Commentary: Don’t be fooled by these myths about student loan “forgiveness” | Comment


Politicians deliberately use the word “forgiveness” when talking about what they do for student loans because it sounds magnanimous. The reality is very different.

Myth #1: Student loan forgiveness costs taxpayers nothing because the loaned money has already been spent.

Imagine a student is supposed to repay $10,000 in five years and the government has just canceled the loan. In five years, the government will have $10,000 less revenue than it would have otherwise. That means the rest of us will get $10,000 less in government services than we otherwise would, or pay $10,000 more in taxes than we otherwise would, or suffer $10,000 more in inflation than we otherwise would have. No matter how you cut it, the government has not waived the loans. It simply changed who is responsible for reimbursing them.

Myth #2: Foregoing student loans will cause inflation.

Canceling student loans will not cause inflation. But the way the rebate is funded could cause inflation. If Congress does not cut spending and raise taxes, it will have to increase borrowing. A significant part of the borrowings was financed by printing money. As we are now learning in the wake of the Federal Reserve creating billions of dollars out of thin air to fund Trump and Biden’s deficits, money printing causes inflation.

Myth #3: Student loan forgiveness benefits private banks.

The Department of Education owns over 90% of student loan debt.

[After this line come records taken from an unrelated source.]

Definition source (v : gV G) : Prop := forall e, gr e <> v.
Definition sink (v : gV G) : Prop := forall e, gs e <> v.

Definition finite_edges (Q : gE G -> Prop) : Prop :=
  exists (k : nat) (g : 'I_k -> gE G), forall e, Q e -> exists i, g i = e.

Definition infinite_emitter (v : gV G) : Prop :=
  ~ finite_edges (fun e => gs e = v).
Definition singular (v : gV G) : Prop := sink v \/ infinite_emitter v.
Definition regular (v : gV G) : Prop := ~ singular v.

Definition adj (x y : gV G) : Prop := exists e, gs e = x /\ gr e = y.
Definition strongly_connected : Prop :=
  forall x y : gV G, clos_refl_trans (gV G) adj x y.
End GraphNotions.

Definition realizes (H : graph) (V : finType) (P : V -> Prop) (E' : Type)
    (s' r' : E' -> V) : Prop :=
  exists (fV : gV H -> V) (fE : gE H -> E'),
    injective fV /\ (forall w, P w <-> exists x, fV x = w) /\ bijective fE /\
    forall e, fV (gs e) = s' (fE e) /\ fV (gr e) = r' (fE e).
Arguments realizes H {V} P E' s' r'.

Definition move_S (G H : graph) : Prop :=
  exists v : gV G, regular v /\ source v /\
    realizes H (fun w => w <> v) {e : gE G | gs e <> v}
      (fun e => gs (proj1_sig e)) (fun e => gr (proj1_sig e)).

Definition R_edges (G : graph) (u : gV G) : Type :=
  ({e : gE G | gs e <> u /\ gr e <> u} + {e : gE G | gr e = u})%type.

Definition move_R (G H : graph) : Prop :=
  exists (u v : gV G) (f : gE G),
    regular u /\ (forall e, gs e = u <-> e = f) /\ gr f <> u /\
    (forall e, gr e = u -> gs e = v) /\
    realizes H (fun w => w <> u) (R_edges u)
      (fun e => match e with inl e => gs (proj1_sig e) | inr _ => v end)
      (fun e => match e with inl e => gr (proj1_sig e) | inr _ => gr f end).

(** New vertices: V \ {v} (as inl) and v^1..v^n
    (as inr i). *)
Definition out_part (G : graph) (v : gV G) (k : nat) (p : gE G -> 'I_k)
  (i : 'I_k) : gE G -> Prop := fun e => gs e = v /\ p e = i.

Definition move_O (G H : graph) : Prop :=
  exists (v : gV G) (k : nat) (p : gE G -> 'I_k),
    ~ sink v /\
    (forall i, exists e, out_part v p i e) /\
    (forall i i', ~ finite_edges (out_part v p i) ->
                  ~ finite_edges (out_part v p i') -> i = i') /\
    let sv e : (gV G + 'I_k)%type :=
        if gs e == v then inr (p e) else inl (gs e) in
    realizes H
      (fun w : (gV G + 'I_k)%type =>
          match w with inl x => x <> v | inr _ => True end)
      ({e : gE G | gr e <> v} + ({e : gE G | gr e = v} * 'I_k))%type
      (fun e => match e with inl e => sv (proj1_sig e)
                           | inr (e, _) => sv (proj1_sig e) end)
      (fun e => match e with inl e => inl (gr (proj1_sig e))
                           | inr (_, i) => inr i end).

Definition move_I (G H : graph) : Prop :=
  exists (v : gV G) (k : nat) (p : gE G -> 'I_k),
    regular v /\ ~ source v /\
    (forall i, exists e, gr e = v /\ p e = i) /\
    let rv e : (gV G + 'I_k)%type :=
        if gr e == v then inr (p e) else inl (gr e) in
    realizes H
      (fun w : (gV G + 'I_k)%type =>
          match w with inl x => x <> v | inr _ => True end)
      ({e : gE G | gs e <> v} + ({e : gE G | gs e = v} * 'I_k))%type
      (fun e => match e with inl e => inl (gs (proj1_sig e))
                           | inr (_, i) => inr i end)
      (fun e => match e with inl e => rv (proj1_sig e)
                           | inr (e, _) => rv (proj1_sig e) end).

Definition move_step (G H : graph) : Prop :=
  move_S G H \/ move_R G H \/ move_O G H \/ move_I G H.

(** Move equivalence: the smallest equivalence relation containing the moves
    (up to isomorphism, built into [realizes]). *)
Definition move_equiv : graph -> graph -> Prop :=
  clos_refl_sym_trans graph move_step.

Inductive natinf := Fin of nat | Inf.

Definition addinf (a b : natinf) : natinf :=
  match a, b with Fin x, Fin y => Fin (x + y) | _, _ => Inf end.

Definition ltinf (k : nat) (a : natinf) : bool :=
  match a with Fin x => k < x | Inf => true end.

(** G_A: vertex set 'I_N, exactly A x y edges from x to y *)
Definition graph_of (N : nat) (A : 'M[natinf]_N) : graph :=
  @Graph 'I_N {t : 'I_N * 'I_N * nat | ltinf t.2 (A t.1.1 t.1.2)}
    (fun t => (proj1_sig t).1.1) (fun t => (proj1_sig t).1.2).

Definition irreducible (N : nat) (A : 'M[natinf]_N) : Prop :=
  strongly_connected (graph_of A).

Definition matrix_move_equiv (N N' : nat) (A : 'M[natinf]_N)
  (A' : 'M[natinf]_N') : Prop := move_equiv (graph_of A) (graph_of A').

(** J_{nm} (0-indexed rows: rows i < m are unit rows, the others are ∞) *)
Definition Jnm (n m : nat) : 'M[natinf]_n :=
  \matrix_(i < n, k < n) if (i < m)%N then Fin (i == k : nat) else Inf.

Definition JplusB (n m : nat) (B : 'M[nat]_n) : 'M[natinf]_n :=
  \matrix_(i < n, k < n) addinf (Jnm n m i k) (Fin (B i k)).

Definition corner (n m : nat) (H : (m <= n)%N) (A : 'M[natinf]_n)
  : 'M[natinf]_m :=
  \matrix_(i < m, k < m) A (widen_ord H i) (widen_ord H k).

(** The (n+1)x(n+1) matrix A' of the statement (0-indexed; j is the
    0-indexed version of the paper's j). Row/column 0 is the new one;
    row/column c+1 corresponds to the old index c. *)
Definition shift_row (n : nat) (j : 'I_n) (f : 'I_n -> natinf)
  (c : 'I_n.+1) : natinf :=
  match unlift ord0 c with None => f j | Some k => f k end.

Definition Aprime (n m : nat) (A : 'M[natinf]_n) (x : 'I_n -> nat)
  (j : 'I_n) : 'M[natinf]_n.+1 :=
  \matrix_(r < n.+1, c < n.+1)
    match unlift ord0 r with
    | None => shift_row j (fun k => Fin (x k)) c
    | Some i => if (i < m)%N then shift_row j (A i) c else Inf
    end.

From mathcomp Require Import all_boot all_algebra.
From Stdlib Require Import Relations ProofIrrelevance.
Set Implicit Arguments. Unset Strict Implicit. Unset Printing Implicit Defensive.

(* Since j >= m, row j of A is all ∞, i.e. j is an infinite emitter of G_A.
   Out-split j into two vertices: for every column b, the first x_b edges
   from j to b go to the first copy and the remaining infinitely many to the
   second.  The first copy then has row (x_j, x_1, ..., x_n), the second keeps
   the row of ∞'s, and every edge into j is doubled, which produces the extra
   column; the result is exactly G_{A'}. *)

Lemma ord2P (i : 'I_2) : i = ord0 \/ i = ord_max.
Proof. by case: i => [[|[|//]] hi]; [left | right]; apply: val_inj. Qed.

(* Index k of A corresponds to index lift ord0 k of A', and j is split into
   the two indices ord0 (copy ord0) and lift ord0 j (copy ord_max). *)
Section SplitIndex.
Variables (n : nat) (j : 'I_n).

Definition merge_idx (c : 'I_n.+1) : 'I_n :=
  if unlift ord0 c is Some k then k else j.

Student loan forgiveness only applies to this government-held debt, not debt held by private banks.

Myth #4: Canceling student loans is good for the economy because students will be better able to buy homes and cars.

Loan forgiveness will give students more financial freedom. But that’s only half the truth. For every extra dollar students can spend because their loans are forgiven, the rest of us will have one less dollar to spend because we have to pay off the canceled loans. Forgiveness increases student spending in exchange for lower spending by the general population.

Myth #5: Foregoing student loans won’t cost that much.

In the face of trillion dollar deficits, another hundred billion might not be noticeable, but what matters is what comes next. Prospective students will also want loan forgiveness. Universities will raise tuition because students are less concerned about tuition when someone else is footing the bill. There will be an influx of students who would otherwise have entered the workforce, but now see the possibility of taking four years of all-expenses-paid vacation.

This increase in demand will further drive up tuition fees. On average, student-vacationers will study easy subjects like gender studies and child and family education. When these students ultimately fail to find jobs, politicians will hold hearings to ask why higher education costs taxpayers so much and brings in so little return.

Politicians will attempt to “reform” higher education, arguing that since government pays the bills, government should make the decisions. And that will give us Public Schools 2.0. All the problems that politicians have brought to public education, they will bring to higher education.

Myth #6: Student loan forgiveness is good for Americans.

Student loan forgiveness is good for some but bad for others. The one group for whom student loan forgiveness is unquestionably good is politicians. Canceling student loans allows politicians to use taxpayers’ money to buy off a whole bunch of young voters.

The reality is that a college degree is valuable or it is not. If it has value, it will pay for itself. If it has no value, no one should pay for it. Either way, there is no reason for the government to be involved.

Anthony Davies is an associate professor of economics at Duquesne University and co-host of the weekly Words & Numbers podcast. He wrote this for InsideSources.